Not all money in politics is bad. This was my conclusion after writing Beyond Campaign Finance Reform. A singular focus on the ways money “amplifies the voices of the super-wealthy few” ignores that it takes money to support the political organizing and mobilizing of working and middle-class voters, and it takes money to counteract the outsized power of economic elites. “Money invested in building sustainable political consciousness and voter engagement is money well spent from a democratic standpoint,” I wrote.

“Money invested in building sustainable political consciousness and voter engagement is money well spent from a democratic standpoint.”

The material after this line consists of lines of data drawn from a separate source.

Lemma det_diag_rank1 {R : fieldType} {n : nat} (v : 'I_n -> R) (k : R) :
  (forall i, v i != 0) ->
  \det (diag_mx (\row_i v i) + k *: const_mx 1) = diag_rank1_det v k.
Proof.
move=> v_neq0.
pose P : 'M[R]_(n, 1) := \col_i (k / v i).
have -> : diag_mx (\row_i v i) + k *: const_mx 1
        = diag_mx (\row_i v i) *m (1%:M + P *m const_mx 1).
  apply/matrixP=> i j; rewrite mulmxDr mulmx1 mul_diag_mx !mxE big_ord1 !mxE.
  by rewrite !mulr1 mulrCA divff ?mulr1.
rewrite det_mulmx det_diag det1D_mulmxC det_mx11 !mxE eqxx mulr1n /diag_rank1_det.
congr (_ * (1 + _)); first by apply: eq_bigr => i _; rewrite mxE.
by rewrite mulr_sumr; apply: eq_bigr => i _; rewrite !mxE mul1r.
Qed.

Lemma diag_rank1_det_gt0 {R : realFieldType} {n : nat} (v : 'I_n -> R) (k : R) :
  0 <= k -> (forall i, 0 < v i) -> 0 < diag_rank1_det v k.
Proof.
move=> k_ge0 v_gt0; apply: mulr_gt0; first exact: prodr_gt0.
apply: (lt_le_trans ltr01); rewrite lerDl mulr_ge0 // sumr_ge0 // => i _.
by rewrite invr_ge0 ltW.
Qed.

Lemma bigD2 {T : Type} {idx : T} {op : Monoid.com_law idx} {I : finType} {a b : I}
    {F : I -> T} :
  a != b ->
  \big[op/idx]_i F i = op (F a) (op (F b) (\big[op/idx]_(i | (i != a) && (i != b)) F i)).
Proof. by move=> ab; rewrite (bigD1 a) // (bigD1 b) // eq_sym. Qed.

Lemma diag_rank1_det_exchange {R : realFieldType} {n : nat} (k : R) (v w : 'I_n -> R)
    (a b : 'I_n) :
  a != b -> 0 <= k -> (forall i, 0 < v i) ->
  (forall i, (i != a) && (i != b) -> w i = v i) -> 0 < w a -> 0 < w b ->
  w a + w b <= v a + v b -> w a * w b <= v a * v b ->
  diag_rank1_det w k <= diag_rank1_det v k.
Proof.
move=> ab k_ge0 v_gt0 w_off wa_gt0 wb_gt0 sum_le prod_le.
rewrite /diag_rank1_det !(bigD2 ab).
rewrite (eq_bigr _ w_off) [X in k * (_ + (_ + X))](eq_bigr (fun i => (v i)^-1)); last first.
  by move=> i /w_off ->.
set P := \prod_(i | _) v i; set S := \sum_(i | _) (v i)^-1.
have P_ge0 : 0 <= P by apply: prodr_ge0 => i _; apply: ltW.
have S_ge0 : 0 <= S by apply: sumr_ge0 => i _; rewrite invr_ge0 ltW.
have split_pair x y : x != 0 -> y != 0 ->
    x * (y * P) * (1 + k * (x^-1 + (y^-1 + S))) = P * (x * y * (1 + k * S) + k * (x + y)).
  by move=> x0 y0; field; rewrite x0 y0.
rewrite !split_pair ?gt_eqF //; apply: ler_wpM2l => //.
apply: lerD; last exact: ler_wpM2l.
by apply: ler_wpM2r => //; rewrite addr_ge0 // mulr_ge0.
Qed.

Lemma inv_transfer_le {R : realFieldType} {x y : R} : 0 < x -> x + 1 <= y ->
  y^-1 + (x + 1)^-1 <= (y + 1)^-1 + x^-1 /\ y^-1 * (x + 1)^-1 <= (y + 1)^-1 * x^-1.
Proof.
move=> x_gt0 xy; have y_gt0 : 0 < y by lra.
have inv_step (t : R) : 0 < t -> t^-1 - (t + 1)^-1 = (t * (t + 1))^-1.
  by move=> t_gt0; field; rewrite !gt_eqF // ltr_wpDr.
split.
  suff : y^-1 - (y + 1)^-1 <= x^-1 - (x + 1)^-1 by lra.
  rewrite !inv_step // lef_pV2 ?posrE ?mulr_gt0 ?ltr_wpDr //.
  by apply: ler_pM; rewrite ?addr_ge0 ?ltW //; lra.
rewrite -!invfM lef_pV2 ?posrE ?mulr_gt0 ?ltr_wpDr //.
by rewrite mulrDl mulrDr mulr1 mul1r [y * x]mulrC lerD2l; lra.
Qed.

Lemma affine_prod_le {R : realDomainType} (c s p q p' q' : R) : 0 <= c -> 0 <= s ->
  p + q <= p' + q' -> p * q <= p' * q' ->
  (c + s * p) * (c + s * q) <= (c + s * p') * (c + s * q').
Proof.
move=> c_ge0 s_ge0 sum_le prod_le.
have expand x y : (c + s * x) * (c + s * y) = c ^+ 2 + c * s * (x + y) + s ^+ 2 * (x * y).
  by ring.
by rewrite !expand lerD ?lerD2l ?ler_wpM2l ?mulr_ge0 ?sqr_ge0.
Qed.

Definition mean_var {R : realFieldType} (se2 c : R) (n : nat) : R := c + se2 / n%:R.

Lemma mean_var_gt0 {R : realFieldType} (se2 c : R) (n : nat) :
  0 < se2 -> 0 <= c -> (0 < n)%N -> 0 < mean_var se2 c n.
Proof. by move=> se2_gt0 c_ge0 n_gt0; rewrite ltr_wpDl // divr_gt0 ?ltr0n. Qed.

Lemma mean_var_transfer {R : realFieldType} {se2 c : R} {m n : nat} :
  0 <= se2 -> 0 <= c -> (0 < n)%N -> (n < m)%N ->
  mean_var se2 c m + mean_var se2 c n.+1 <= mean_var se2 c m.+1 + mean_var se2 c n /\
  mean_var se2 c m * mean_var se2 c n.+1 <= mean_var se2 c m.+1 * mean_var se2 c n.
Proof.
move=> se2_ge0 c_ge0 n_gt0 nm; rewrite /mean_var -[m.+1%:R]natr1 -[n.+1%:R]natr1.
have n_gt0' : 0 < n%:R :> R by rewrite ltr0n.
have nm' : n%:R + 1 <= m%:R :> R by rewrite natr1 ler_nat.
have [sum_le prod_le] := inv_transfer_le n_gt0' nm'.
split; last exact: affine_prod_le.
by rewrite addrACA [X in _ <= X]addrACA lerD2l -!mulrDr ler_wpM2l.
Qed.

Section Transfer.
Context {J : nat}.
Implicit Types (g : 'I_J -> nat) (a b j : 'I_J).

Definition transfer g a b : 'I_J -> nat :=
  fun j => if j == a then (g a).-1 else if j == b then (g b).+1 else g j.

Lemma transfer_src g a b : transfer g a b a = (g a).-1.
Proof. by rewrite /transfer eqxx. Qed.

Lemma transfer_dst g a b : a != b -> transfer g a b b = (g b).+1.
Proof. by rewrite /transfer eq_sym => /negbTE ->; rewrite eqxx. Qed.

Lemma transfer_off g a b j : (j != a) && (j != b) -> transfer g a b j = g j.
Proof. by rewrite /transfer => /andP[/negbTE -> /negbTE ->]. Qed.

Lemma sum_transfer (F : nat -> nat) g a b : a != b ->
  (\sum_j F (transfer g a b j) + (F (g a) + F (g b))
   = \sum_j F (g j) + (F (g a).-1 + F (g b).+1))%N.
Proof.
move=> ab; rewrite !(bigD2 ab) transfer_src transfer_dst //.
by rewrite (eq_bigr (fun j => F (g j))) => [/=|j /transfer_off ->]; lia.
Qed.

Lemma transfer_sum {g a b} : a != b -> (0 < g a)%N ->
  (\sum_j transfer g a b j = \sum_j g j)%N.
Proof. by move=> ab ga_gt0; have := sum_transfer id g a b ab; lia. Qed.

Lemma transfer_sum_sq_lt {g a b} : ((g b).+2 <= g a)%N ->
  (\sum_j transfer g a b j ^ 2 < \sum_j g j ^ 2)%N.
Proof.
move=> gba; have ab : a != b by apply: contraTneq gba => ->; lia.
have := sum_transfer (fun n => n ^ 2)%N g a b ab; nia.
Qed.

Lemma transfer_gt0 {g a b} : (forall j, (0 < g j)%N) -> ((g b).+2 <= g a)%N ->
  forall j, (0 < transfer g a b j)%N.
Proof.
move=> g_gt0 gba j; rewrite /transfer; case: (j == a); first lia.
by case: (j == b).
Qed.

Definition balanced g := forall a b, (g a <= (g b).+1)%N.

Lemma balanced_ind (P : ('I_J -> nat) -> Prop) :
  (forall g, balanced g -> P g) ->
  (forall g a b, ((g b).+2 <= g a)%N -> P (transfer g a b) -> P g) ->
  forall g, P g.
Proof.
move=> P_bal P_step g.
elim: (\sum_j g j ^ 2)%N.+1 {-2}g (ltnSn (\sum_j g j ^ 2)) => // n IH {}g g_lt.
case: (boolP [exists a, exists b, (g b).+2 <= g a]%N) => [/existsP[a /existsP[b gba]]|].
  exact: P_step _ _ _ gba (IH _ (leq_trans (transfer_sum_sq_lt gba) g_lt)).
rewrite negb_exists => /forallP no_gap; apply: P_bal => a b.
by have /existsPn/(_ b) := no_gap a; rewrite -ltnNge.
Qed.

Lemma sum_two_valued {g q} : (forall j, g j = q \/ g j = q.+1) ->
  (\sum_j g j = q * J + #|[set j | g j == q.+1]|)%N.
Proof.
move=> g2; rewrite (eq_bigr (fun j => q + (g j == q.+1))%N) => [|j _]; last first.
  by case: (g2 j) => ->; rewrite ?eqxx ?addn1 // (ltn_eqF (ltnSn q)) addn0.
rewrite big_split /= big_const_ord iter_addn_0 -sum1_card [in RHS]big_mkcond /=.
by congr (_ + _)%N; apply: eq_bigr => j _; rewrite inE; case: (_ == _).
Qed.

Lemma balanced_two_valued {g} : (0 < J)%N -> balanced g ->
  let q := ((\sum_j g j) %/ J)%N in
  (forall j, g j = q \/ g j = q.+1) /\
  #|[set j | g j == q.+1]| = ((\sum_j g j) %% J)%N.
Proof.
move=> J_gt0 bal q.
case: (@arg_minnP _ (Ordinal J_gt0) xpredT g erefl) => j0 _ g_min.
have g2 j : g j = g j0 \/ g j = (g j0).+1 by have := g_min j erefl; have := bal j j0; lia.
have cnt_lt : (#|[set j | g j == (g j0).+1]| < J)%N.
  rewrite -[X in (_ < X)%N]card_ord; apply: proper_card; apply/properP; split.
    exact: subset_predT.
  by exists j0; rewrite // inE (ltn_eqF (ltnSn _)).
have sum_g := sum_two_valued g2.
have -> : q = g j0 by rewrite /q sum_g divnMDl // divn_small // addn0.
by split=> //; rewrite sum_g modnMDl modn_small.
Qed.

Lemma big_two_valued_eq {T : Type} {idx : T} (op : Monoid.com_law idx) (F : nat -> T)
    {g h q} :
  (forall j, g j = q \/ g j = q.+1) -> (forall j, h j = q \/ h j = q.+1) ->
  #|[set j | g j == q.+1]| = #|[set j | h j == q.+1]| ->
  \big[op/idx]_j F (g j) = \big[op/idx]_j F (h j).
Proof.
have closed_form f : (forall j, f j = q \/ f j = q.+1) ->
    \big[op/idx]_j F (f j) = op (iter #|[set j | f j == q.+1]| (op (F q.+1)) idx)
                                (iter (J - #|[set j | f j == q.+1]|) (op (F q)) idx).
  move=> f2; set S := [set j | f j == q.+1].
  rewrite (bigID (mem S)) /= (eq_bigr (fun=> F q.+1)) => [|j]; last by rewrite inE => /eqP ->.
  rewrite [X in op _ X](eq_bigr (fun=> F q)) => [|j]; last first.
    by rewrite inE; case: (f2 j) => ->; rewrite ?eqxx.
  rewrite !big_const -[X in (X - _)%N](card_ord J) -(cardC S) addKn.
  by congr (op _ (iter _ _ _)); apply: eq_card => j; rewrite !inE.
by move=> g2 h2 cnt; rewrite !closed_form // cnt.
Qed.

End Transfer.

Definition design_crit {R : realFieldType} {J : nat} (se2 c k : R) (g : 'I_J -> nat) : R :=
  diag_rank1_det (fun j => mean_var se2 c (g j)) k.

Section DesignCriterion.
Context {R : realFieldType} {J : nat} {se2 c k : R}.
Hypotheses (se2_gt0 : 0 < se2) (c_ge0 : 0 <= c) (k_ge0 : 0 <= k).
Implicit Types (g h : 'I_J -> nat).

Lemma design_crit_gt0 {g} : (forall j, (0 < g j)%N) -> 0 < design_crit se2 c k g.
Proof. by move=> g_gt0; apply: diag_rank1_det_gt0 => // j; apply: mean_var_gt0. Qed.

Lemma design_crit_transfer {g a b} : (forall j, (0 < g j)%N) -> ((g b).+2 <= g a)%N ->
  design_crit se2 c k (transfer g a b) <= design_crit se2 c k g.
Proof.
move=> g_gt0 gba; have ab : a != b by apply: contraTneq gba => ->; lia.
have gb_lt : (g b < (g a).-1)%N by lia.
have [sum_le prod_le] := mean_var_transfer (ltW se2_gt0) c_ge0 (g_gt0 b) gb_lt.
rewrite prednK ?(leq_trans _ gba) // in sum_le prod_le.
apply: diag_rank1_det_exchange (ab) k_ge0 _ _ _ _ _ _ => [j|j /transfer_off ->||||] //.
- exact: mean_var_gt0.
- exact/mean_var_gt0/transfer_gt0.
- exact/mean_var_gt0/transfer_gt0.
- by rewrite transfer_src transfer_dst.
- by rewrite transfer_src transfer_dst.
Qed.

Lemma design_crit_two_valued_eq {g h q} :
  (forall j, g j = q \/ g j = q.+1) -> (forall j, h j = q \/ h j = q.+1) ->
  #|[set j | g j == q.+1]| = #|[set j | h j == q.+1]| ->
  design_crit se2 c k g = design_crit se2 c k h.
Proof.
move=> g2 h2 cnt; rewrite /design_crit /diag_rank1_det.
rewrite (big_two_valued_eq _ (mean_var se2 c) g2 h2 cnt).
by rewrite (big_two_valued_eq _ (fun n => (mean_var se2 c n)^-1) g2 h2 cnt).
Qed.

Lemma design_crit_min (I : nat) (xs : 'I_J -> nat) : (0 < J)%N ->
  (forall j, xs j = (I %/ J)%N \/ xs j = (I %/ J).+1) ->
  #|[set j | xs j == (I %/ J).+1]| = (I %% J)%N ->
  forall g, (\sum_j g j)%N = I -> (forall j, (0 < g j)%N) ->
  design_crit se2 c k xs <= design_crit se2 c k g.
Proof.
move=> J_gt0 xs2 xs_cnt g; elim/(@balanced_ind J): g => [g bal | g a b gba IH] sum_g g_gt0.
  have [g2 g_cnt] := balanced_two_valued J_gt0 bal; rewrite sum_g in g2 g_cnt.
  by rewrite (design_crit_two_valued_eq xs2 g2) ?xs_cnt ?g_cnt.
have ab : a != b by apply: contraTneq gba => ->; lia.
apply: le_trans (design_crit_transfer g_gt0 gba); apply: IH; last exact: transfer_gt0.
by rewrite transfer_sum //; lia.
Qed.

End DesignCriterion.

Philanthropists are coming around to the same view. Increasingly aware of the centrality of political engagement and organization to reinforcing democratic norms and practices, the Democracy Fund is spurring democracy grantmakers to fund nonpartisan democracy work early in the 2024 election cycle, arguing in a series of announcements, op-eds, and blog posts that donors should not wait until this coming fall to pick their priorities and should instead move monies out the door now. Grants will fund efforts to “recruit and train community canvassers, organize voter registration drives, and combat disinformation and misinformation, among other election-related efforts.” As Joe Goldman, the Fund’s president, recently wrote in the Chronicle of Philanthropy, along with Laleh Ispihani, the executive director of Open Society-US, and Deepak Bhargava, the president of the JPB Foundation, “Nonprofit organizations perform essential election work in our democracy. In communities around the country, organizations help recruit poll workers, organize nonpartisan voter registration drives, combat misinformation, support local election officials, and work to ensure that the diversity of our electorate is represented in our election process.” This money is important to democracy but needs to be available early to be effective.

This All by April initiative follows the Democracy Fund’s January report, “Field in Focus: The State of Pro-Democracy Institutional Philanthropy.” The full Field in Focus report is rich in detail but also a rare and important window into the contemporary priorities of institutional grant-makers. It makes clear that institutional grant-makers, led by the Democracy Fund, have their eye on the right questions:

  • How can philanthropy better support the movement for a more inclusive, multiracial democracy?
  • And how should democracy work be defined?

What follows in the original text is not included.